◆ What you are asked to do:
In the entries that follow, identify the line containing "restrict (mem Y)" and return it together with all later lines, exactly as they appear.
------------------------------------
(* Let $\kappa\ge2$ and let $\psi^+$ be a rooted caterpillar tree on $n\ge1$ taxa. Then the dimension of the $\mathrm{UE}_\kappa(\psi^+)$ model (i.e., of its affine closure) is $$d_\kappa(\psi^+)=\frac{\kappa^n+\kappa}{2}-1.$$
   Context: For a rooted binary topological tree $\psi^+$ on $X$, $d_\kappa(\psi^+)$ is the dimension of the affine space of real $|X|$-way $\kappa\times\cdots\times\kappa$ tensors $P$ (one index per taxon) whose entries sum to 1 and such that for every $Y\subseteq X$ and every 2-clade $\{a,b\}$ of the induced rooted subtree $\psi^+|_Y$, the marginalization $P_Y$ is invariant under exchanging the $a$ and $b$ indices. A 2-clade is a pair of leaves that are exactly the leaf descendants of some vertex. A rooted caterpillar on $n$ taxa is a rooted binary tree in which every internal vertex has at least one leaf child (i.e., of the form $(x_1,(x_2,(\dots,(x_{n-1},x_n))))$). *)

From HB Require Import structures.
From mathcomp Require Import all_boot all_order all_algebra.
From mathcomp Require Import perm.
From mathcomp Require Import reals.
Set Implicit Arguments. Unset Strict Implicit. Unset Printing Implicit Defensive.
Import Order.TTheory GRing.Theory Num.Theory.
Local Open Scope ring_scope.

Inductive rtree (T : Type) : Type :=
| Leaf of T
| Node of rtree T & rtree T.
Arguments Leaf {T}.
Arguments Node {T}.

Fixpoint leaves (T : Type) (t : rtree T) : seq T :=
  match t with
  | Leaf x => [:: x]
  | Node l r => leaves l ++ leaves r
  end.

(** All subtrees (= all vertices, each viewed as the subtree it roots). *)
Fixpoint subtrees (T : Type) (t : rtree T) : seq (rtree T) :=
  match t with
  | Leaf x => [:: t]
  | Node l r => t :: (subtrees l ++ subtrees r)
  end.

Definition tree_on (n : nat) (t : rtree 'I_n) : Prop :=
  perm_eq (leaves t) (enum 'I_n).

Definition is_leaf (T : Type) (t : rtree T) : bool :=
  if t is Leaf _ then true else false.

Fixpoint caterpillar (T : Type) (t : rtree T) : bool :=
  match t with
  | Leaf _ => true
  | Node l r => (is_leaf l || is_leaf r) && caterpillar l && caterpillar r
  end.

(** Induced rooted subtree on Y: delete leaves outside Y and suppress the
    resulting degree-two vertices ([None] when no leaf survives). *)
Fixpoint restrict (T : eqType) (Y : pred T) (t : rtree T) : option (rtree T) :=
  match t with
  | Leaf x => if Y x then Some (Leaf x) else None
  | Node l r =>
      match restrict Y l, restrict Y r with
      | Some l', Some r' => Some (Node l' r')
      | Some l', None => Some l'
      | None, Some r' => Some r'
      | None, None => None
      end
  end.

Definition two_clade (T : eqType) (t : rtree T) (a b : T) : bool :=
  (a != b) && has (fun s => perm_eq (leaves s) [:: a; b]) (subtrees t).

(** Tensors: real entries indexed by assignments of a state in 'I_k to each
    taxon in 'I_n (i.e. n-way k x ... x k tensors). *)
Definition tensor (R : realType) (n k : nat) :=
  {ffun {ffun 'I_n -> 'I_k} -> R^o}.

(** Marginalization onto Y, evaluated at (the restriction to Y of) sigma. *)
Definition marg (R : realType) (n k : nat) (P : tensor R n k)
  (Y : {set 'I_n}) (sigma : {ffun 'I_n -> 'I_k}) : R :=
  \sum_(tau : {ffun 'I_n -> 'I_k} | [forall i in Y, tau i == sigma i]) P tau.

Definition swap_idx (n k : nat) (a b : 'I_n) (sigma : {ffun 'I_n -> 'I_k})
  : {ffun 'I_n -> 'I_k} := [ffun i => sigma (tperm a b i)].

Definition UE_set (R : realType) (n k : nat) (t : rtree 'I_n)
  (P : tensor R n k) : Prop :=
  \sum_(sigma : {ffun 'I_n -> 'I_k}) P sigma = 1 /\
  forall (Y : {set 'I_n}) (t' : rtree 'I_n) (a b : 'I_n),
    restrict (mem Y) t = Some t' -> two_clade t' a b ->
    forall sigma, marg P Y sigma = marg P Y (swap_idx a b sigma).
------------------------------------
◆ Completed exercise:
    restrict (mem Y) t = Some t' -> two_clade t' a b ->
    forall sigma, marg P Y sigma = marg P Y (swap_idx a b sigma).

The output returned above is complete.